The Yanks will end this series either 3.5, 5.5, 7.5, or 9.5 games up on the Sox, so no matter the outcome they’ll still have the upper hand. This one is important for the Sox not only for the division, but for their Wild Card hopes. They’re just a game up on the Rangers and four up on the Rays. The good news for the Sox is that those two teams square off this weekend. If Tampa takes two of three, the Sox could be in decent shape even if they lose two of three themselves.

On the hill for the Sox is Brad Penny. Since the All-Star Break he’s pitched 34 innings, allowing 26 runs, 25 earned. Opponents are OPSing .891 off him. The Yanks will look to take advantage of that in a way they could not when facing Penny earlier in the season. He lasted six innings that time, throwing 117 pitches, but allowing no runs. That was just before the little funk where the Yanks dropped two of three to the Nats, so hopefully we can chalk that one up to a little team slump. They’re better than that.

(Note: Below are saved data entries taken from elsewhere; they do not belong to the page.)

Lemma bag_sub j : bag j \subset leaf_traces j :|: crossing (cut_side t r lab j)
  :|: \bigcup_(c0 in children t r j) crossing (~: cut_side t r lab c0).
Proof.
apply/subsetP=> w; rewrite inE => /existsP[z /andP[wz jz]].
have leaf_w z' : in_trace w z' -> lab z' == j -> w \in leaf_traces j.
  by move=> wz' lz'; rewrite inE; apply/existsP; exists z'; rewrite wz'.
rewrite !in_setU; have [lj|lj] := eqVneq (lab (root w)) j.
  by rewrite (leaf_w _ (root_in_trace w)) ?lj.
have [zj|zj] := eqVneq (lab z) j; first by rewrite (leaf_w z) ?zj.
move: jz; rewrite /below eq_sym (negbTE lj) /= => sep.
case: (below_split tree_t r lj zj sep) => [/andP[bl bz]|[c0 c0j /andP[bz bl]]].
  apply/orP; left; apply/orP; right; rewrite inE !inE bl /=.
  by apply/existsP; exists z; rewrite wz inE bz.
apply/orP; right; apply/bigcupP; exists c0 => //.
by rewrite !inE bl /=; apply/existsP; exists z; rewrite wz !inE bz.
Qed.

Lemma card_cut_crossings j :
  #|crossing (cut_side t r lab j)| +
  #|\bigcup_(c0 in children t r j) crossing (~: cut_side t r lab c0)|
  <= tdeg t j * (k + k).
Proof.
have parent : #|crossing (cut_side t r lab j)| <= (j != r) * (k + k).
  have [->|_] := eqVneq j r; last by rewrite mul1n card_crossing.
  rewrite leqn0 cards_eq0; apply/eqP/setP=> w; rewrite !inE.
  by apply/negbTE/nandP; right; apply/existsPn=> z; rewrite !inE /below eqxx andbF.
have kids : #|\bigcup_(c0 in children t r j) crossing (~: cut_side t r lab c0)|
    <= #|children t r j| * (k + k).
  apply: card_bigcup_le => c0 _; apply: card_crossing.
  exact: cut_mim_le_setC gp_adj_sym (@mim c0).
apply: leq_trans (leq_add parent kids) _.
by rewrite -mulnDl leq_mul2r card_children ?orbT.
Qed.

Lemma card_bag j : #|bag j| <= (6 * k).+1.
Proof.
have [T0|/card_gt0P[v _]] := posnP #|T|.
  by apply: leq_trans (max_card _) _; rewrite T0.
have k_gt0 : 0 < k.
  exact: (cut_mim_gt0 bd (@mim) gp_adj_sym (a := xv v) (b := yv v)).
have := leq_trans (subset_leq_card (bag_sub j)) (card_setU3_le _ _ _).
have := card_leaf_traces j; have := card_cut_crossings j.
have [_ deg3 _ _ _] := bd; have := deg3 j; rewrite /is_leaf.
by case: (leqP (tdeg t j) 1); nia.
Qed.

End Bags.
End Encoding.

Theorem lemma12 (T : finType) (e : rel T) (k : nat) :
  simple_graph e -> bipartite e ->
  mimw_le (@gp_adj T e) k -> tw_le e (6 * k).
Proof.
move=> [sym_e _] [c colouring] [I [t [r [lab [bd mim]]]]].
exists I, t, (bag c t lab); split.
- by case: bd.
- by move=> v; exists (lab (root e c v)); apply/bag_trace/root_in_trace.
- by move=> u v; apply: bag_edge.
- by move=> v i j; apply: bag_connect.
- exact: (card_bag c (r := r) bd mim).
Qed.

The Yanks send Andy Pettitte to the hill on six days’ rest, and from what he’s said that’s a good thing. Pettitte has been lights out since the break, tossing 39.2 innings and allowing just 10 runs, nine earned. Even better, his K/BB ratio has been an enormous 43:10, and opponents are OPSing .543 off him. He’s faced the Sox twice this year, struggling the first time, but pitching seven shutout innings on Sunday Night Baseball last time out. Opening up this series with a quality start would be huge.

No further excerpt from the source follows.